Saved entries

(* Let $P,Q$ be $n\times n$ matrices with all entries in $(0,1)$, stochastic by columns (i.e. $\sum_{i=1}^nP(i,j)=\sum_{i=1}^nQ(i,j)=1$ for each $j$), and suppose that for some $\epsilon>0$, $e^{-\epsilon}\le P(i,j)/Q(i,j)\le e^{\epsilon}$ for all $i,j$. Then the maximal eigenvalue of both $P$ and $Q$ is $1$, and their associated positive right eigenvectors $u,v$ satisfy \[ d_p(u,v)\le\frac{2\epsilon}{1-\min(\tau_P,\tau_Q)}, \] where $\tau_P,\tau_Q$ are the Birkhoff contraction coefficients of $P$ and $Q$.
   Context: For $\pmb{x},\pmb{y}\in(0,\infty)^n$, the projective pseudo-distance is $d_p(\pmb{x},\pmb{y})=\max_i\log(x_i/y_i)-\min_i\log(x_i/y_i)$. For a primitive matrix $M$ (nonnegative with some power strictly positive) with primitivity index $\ell$ (the least $\ell$ with $M^\ell>0$), the Birkhoff contraction coefficient is $\tau_M=\dfrac{1-\sqrt{\theta}}{1+\sqrt{\theta}}$ with $\theta=\min_{i,j,k,l}\dfrac{M^\ell(i,j)M^\ell(k,l)}{M^\ell(i,l)M^\ell(k,j)}$. For a positive matrix, $\ell=1$. *)

From HB Require Import structures.
From mathcomp Require Import all_boot all_order all_algebra.
From mathcomp Require Import complex.
From mathcomp Require Import reals sequences exp.
Set Implicit Arguments. Unset Strict Implicit. Unset Printing Implicit Defensive.
Import Order.TTheory GRing.Theory Num.Theory.
Local Open Scope ring_scope.

(* Matrices are indexed by 'I_n.+1 (size n+1 >= 1). *)

Definition dproj {R : realType} {n : nat} (x y : 'cV[R]_n.+1) : R :=
  \big[Num.max/ln (x ord0 0 / y ord0 0)]_(i < n.+1) ln (x i 0 / y i 0)
  - \big[Num.min/ln (x ord0 0 / y ord0 0)]_(i < n.+1) ln (x i 0 / y i 0).

(* theta = min_{i,j,k,l} M(i,j) M(k,l) / (M(i,l) M(k,j)) for a positive
   matrix M (primitivity index 1).  The seed value 1 is the term i=k, j=l,
   so it does not change the minimum. *)
Definition birkhoff_theta {R : realType} {n : nat} (M : 'M[R]_n.+1) : R :=
  \big[Num.min/1]_(i < n.+1) \big[Num.min/1]_(j < n.+1)
   \big[Num.min/1]_(k < n.+1) \big[Num.min/1]_(l < n.+1)
     (M i j * M k l / (M i l * M k j)).

Definition birkhoff_tau {R : realType} {n : nat} (M : 'M[R]_n.+1) : R :=
  (1 - Num.sqrt (birkhoff_theta M)) / (1 + Num.sqrt (birkhoff_theta M)).

Definition positive_vec {R : realType} {n : nat} (x : 'cV[R]_n.+1) : Prop :=
  forall i, 0 < x i 0.

Definition cmx {R : realType} {n : nat} (M : 'M[R]_n.+1) : 'M[R[i]]_n.+1 :=
  map_mx (fun a : R => Complex a 0) M.

(* "The maximal eigenvalue of M is 1": 1 is an eigenvalue and every
   (complex) eigenvalue has modulus at most 1. *)
Definition max_eigenvalue_is_one {R : realType} {n : nat} (M : 'M[R]_n.+1) : Prop :=
  eigenvalue (cmx M) 1 /\ (forall lam : R[i], eigenvalue (cmx M) lam -> `|lam| <= 1).

(* Birkhoff's contraction theorem: for a positive matrix P, the projective
   pseudo-distance satisfies d(P x, P y) <= tau_P d(x, y).  Writing
   x = m y + a and (M - m) y = a + b, where m and M are the extreme ratios x_i/y_i,
   the log-ratios of P x and P y are log m + ln (B_i + e^t A_i) - ln (B_i + A_i)
   with t = log (M/m), A = P a, B = P b; and theta A_i B_k <= A_k B_i, so the mean
   value theorem in t bounds their spread by tau t.
   If u = P u and v = Q v then d(u, v) = d(P u, Q v) <= d(P u, P v) + d(P v, Q v)
   <= tau_P d(u, v) + 2 eps, since the entrywise ratio bounds between P and Q move
   each (P w)_i / (Q w)_i by a factor in [e^-eps, e^eps]; the same holds for tau_Q.
   Perron's part is elementary for column-stochastic positive matrices: 1 is an
   eigenvalue with left eigenvector (1,...,1), the triangle inequality bounds every
   eigenvalue, and the entrywise modulus |u| of a fixed vector u satisfies
   |u| <= P |u| with equal sums, hence is again fixed, hence positive. *)
From HB Require Import structures.
From mathcomp Require Import all_boot all_order all_algebra.
From mathcomp Require Import complex.
From mathcomp Require Import reals sequences exp.
From mathcomp Require Import boolp classical_sets derive realfun topology normedtype.
From mathcomp Require Import ring lra.
Import Order.TTheory GRing.Theory Num.Theory numFieldNormedType.Exports.
Local Open Scope ring_scope.

Lemma frac_addr_sub_le {R : rcfType} {A1 B1 A2 B2 th : R} :
  0 <= A1 -> 0 < B1 -> 0 <= A2 -> 0 < B2 -> 0 <= th <= 1 ->
  th * (A1 * B2) <= A2 * B1 ->
  A1 / (B1 + A1) - A2 / (B2 + A2) <= (1 - Num.sqrt th) / (1 + Num.sqrt th).
Proof.
move=> A1_ge0 B1_gt0 A2_ge0 B2_gt0 /andP[th_ge0 th_le1] hth.
set s := Num.sqrt th.
have s_ge0 : 0 <= s by rewrite sqrtr_ge0.
have s_le1 : s <= 1 by rewrite -sqrtr1 ler_sqrt.
have s2 : s ^+ 2 = th by rewrite sqr_sqrtr.
have BA1 : 0 < B1 + A1 by lra.
have BA2 : 0 < B2 + A2 by lra.
have s1_gt0 : 0 < 1 + s by lra.
rewrite -subr_ge0.
have -> : (1 - s) / (1 + s) - (A1 / (B1 + A1) - A2 / (B2 + A2)) =
    ((1 - s) * (s * A1 - B1) ^+ 2 * B2
     + (A2 * B1 - s ^+ 2 * (A1 * B2)) * ((1 - s) * (B1 + A1) + (1 + s) * B1))
    / ((1 + s) * (B1 + A1) * (B2 + A2) * B1).
  by field; rewrite !gt_eqF.
apply: divr_ge0; last by rewrite !mulr_ge0 // ltW.
apply: addr_ge0; first by rewrite mulr_ge0 ?(mulr_ge0 _ (sqr_ge0 _)) //; lra.
by rewrite s2 mulr_ge0 ?subr_ge0 // addr_ge0 ?mulr_ge0 //; lra.
Qed.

Exercise prompt: Transcribe all of the lines in the records precisely.

Exercise answer:
(* Let $P,Q$ be $n\times n$ matrices with all entries in $(0,1)$, stochastic by columns (i.e. $\sum_{i=1}^nP(i,j)=\sum_{i=1}^nQ(i,j)=1$ for each $j$), and suppose that for some $\epsilon>0$, $e^{-\epsilon}\le P(i,j)/Q(i,j)\le e^{\epsilon}$ for all $i,j$. Then the maximal eigenvalue of both $P$ and $Q$ is $1$, and their associated positive right eigenvectors $u,v$ satisfy \[ d_p(u,v)\le\frac{2\epsilon}{1-\min(\tau_P,\tau_Q)}, \] where $\tau_P,\tau_Q$ are the Birkhoff contraction coefficients of $P$ and $Q$.
   Context: For $\pmb{x},\pmb{y}\in(0,\infty)^n$, the projective pseudo-distance is $d_p(\pmb{x},\pmb{y})=\max_i\log(x_i/y_i)-\min_i\log(x_i/y_i)$. For a primitive matrix $M$ (nonnegative with some power strictly positive) with primitivity index $\ell$ (the least $\ell$ with $M^\ell>0$), the Birkhoff contraction coefficient is $\tau_M=\dfrac{1-\sqrt{\theta}}{1+\sqrt{\theta}}$ with $\theta=\min_{i,j,k,l}\dfrac{M^\ell(i,j)M^\ell(k,l)}{M^\ell(i,l)M^\ell(k,j)}$. For a positive matrix, $\ell=1$. *)

From HB Require Import structures.
From mathcomp Require Import all_boot all_order all_algebra.
From mathcomp Require Import complex.
From mathcomp Require Import reals sequences exp.
Set Implicit Arguments. Unset Strict Implicit. Unset Printing Implicit Defensive.
Import Order.TTheory GRing.Theory Num.Theory.
Local Open Scope ring_scope.

(* Matrices are indexed by 'I_n.+1 (size n+1 >= 1). *)

Definition dproj {R : realType} {n : nat} (x y : 'cV[R]_n.+1) : R :=
  \big[Num.max/ln (x ord0 0 / y ord0 0)]_(i < n.+1) ln (x i 0 / y i 0)
  - \big[Num.min/ln (x ord0 0 / y ord0 0)]_(i < n.+1) ln (x i 0 / y i 0).

(* theta = min_{i,j,k,l} M(i,j) M(k,l) / (M(i,l) M(k,j)) for a positive
   matrix M (primitivity index 1).  The seed value 1 is the term i=k, j=l,
   so it does not change the minimum. *)
Definition birkhoff_theta {R : realType} {n : nat} (M : 'M[R]_n.+1) : R :=
  \big[Num.min/1]_(i < n.+1) \big[Num.min/1]_(j < n.+1)
   \big[Num.min/1]_(k < n.+1) \big[Num.min/1]_(l < n.+1)
     (M i j * M k l / (M i l * M k j)).

Definition birkhoff_tau {R : realType} {n : nat} (M : 'M[R]_n.+1) : R :=
  (1 - Num.sqrt (birkhoff_theta M)) / (1 + Num.sqrt (birkhoff_theta M)).

Definition positive_vec {R : realType} {n : nat} (x : 'cV[R]_n.+1) : Prop :=
  forall i, 0 < x i 0.

Definition cmx {R : realType} {n : nat} (M : 'M[R]_n.+1) : 'M[R[i]]_n.+1 :=
  map_mx (fun a : R => Complex a 0) M.

(* "The maximal eigenvalue of M is 1": 1 is an eigenvalue and every
   (complex) eigenvalue has modulus at most 1. *)
Definition max_eigenvalue_is_one {R : realType} {n : nat} (M : 'M[R]_n.+1) : Prop :=
  eigenvalue (cmx M) 1 /\ (forall lam : R[i], eigenvalue (cmx M) lam -> `|lam| <= 1).

(* Birkhoff's contraction theorem: for a positive matrix P, the projective
   pseudo-distance satisfies d(P x, P y) <= tau_P d(x, y).  Writing
   x = m y + a and (M - m) y = a + b, where m and M are the extreme ratios x_i/y_i,
   the log-ratios of P x and P y are log m + ln (B_i + e^t A_i) - ln (B_i + A_i)
   with t = log (M/m), A = P a, B = P b; and theta A_i B_k <= A_k B_i, so the mean
   value theorem in t bounds their spread by tau t.
   If u = P u and v = Q v then d(u, v) = d(P u, Q v) <= d(P u, P v) + d(P v, Q v)
   <= tau_P d(u, v) + 2 eps, since the entrywise ratio bounds between P and Q move
   each (P w)_i / (Q w)_i by a factor in [e^-eps, e^eps]; the same holds for tau_Q.
   Perron's part is elementary for column-stochastic positive matrices: 1 is an
   eigenvalue with left eigenvector (1,...,1), the triangle inequality bounds every
   eigenvalue, and the entrywise modulus |u| of a fixed vector u satisfies
   |u| <= P |u| with equal sums, hence is again fixed, hence positive. *)
From HB Require Import structures.
From mathcomp Require Import all_boot all_order all_algebra.
From mathcomp Require Import complex.
From mathcomp Require Import reals sequences exp.
From mathcomp Require Import boolp classical_sets derive realfun topology normedtype.
From mathcomp Require Import ring lra.
Import Order.TTheory GRing.Theory Num.Theory numFieldNormedType.Exports.
Local Open Scope ring_scope.

Lemma frac_addr_sub_le {R : rcfType} {A1 B1 A2 B2 th : R} :
  0 <= A1 -> 0 < B1 -> 0 <= A2 -> 0 < B2 -> 0 <= th <= 1 ->
  th * (A1 * B2) <= A2 * B1 ->
  A1 / (B1 + A1) - A2 / (B2 + A2) <= (1 - Num.sqrt th) / (1 + Num.sqrt th).
Proof.
move=> A1_ge0 B1_gt0 A2_ge0 B2_gt0 /andP[th_ge0 th_le1] hth.
set s := Num.sqrt th.
have s_ge0 : 0 <= s by rewrite sqrtr_ge0.
have s_le1 : s <= 1 by rewrite -sqrtr1 ler_sqrt.
have s2 : s ^+ 2 = th by rewrite sqr_sqrtr.
have BA1 : 0 < B1 + A1 by lra.
have BA2 : 0 < B2 + A2 by lra.
have s1_gt0 : 0 < 1 + s by lra.
rewrite -subr_ge0.
have -> : (1 - s) / (1 + s) - (A1 / (B1 + A1) - A2 / (B2 + A2)) =
    ((1 - s) * (s * A1 - B1) ^+ 2 * B2
     + (A2 * B1 - s ^+ 2 * (A1 * B2)) * ((1 - s) * (B1 + A1) + (1 + s) * B1))
    / ((1 + s) * (B1 + A1) * (B2 + A2) * B1).
  by field; rewrite !gt_eqF.
apply: divr_ge0; last by rewrite !mulr_ge0 // ltW.
apply: addr_ge0; first by rewrite mulr_ge0 ?(mulr_ge0 _ (sqr_ge0 _)) //; lra.
by rewrite s2 mulr_ge0 ?subr_ge0 // addr_ge0 ?mulr_ge0 //; lra.
Qed.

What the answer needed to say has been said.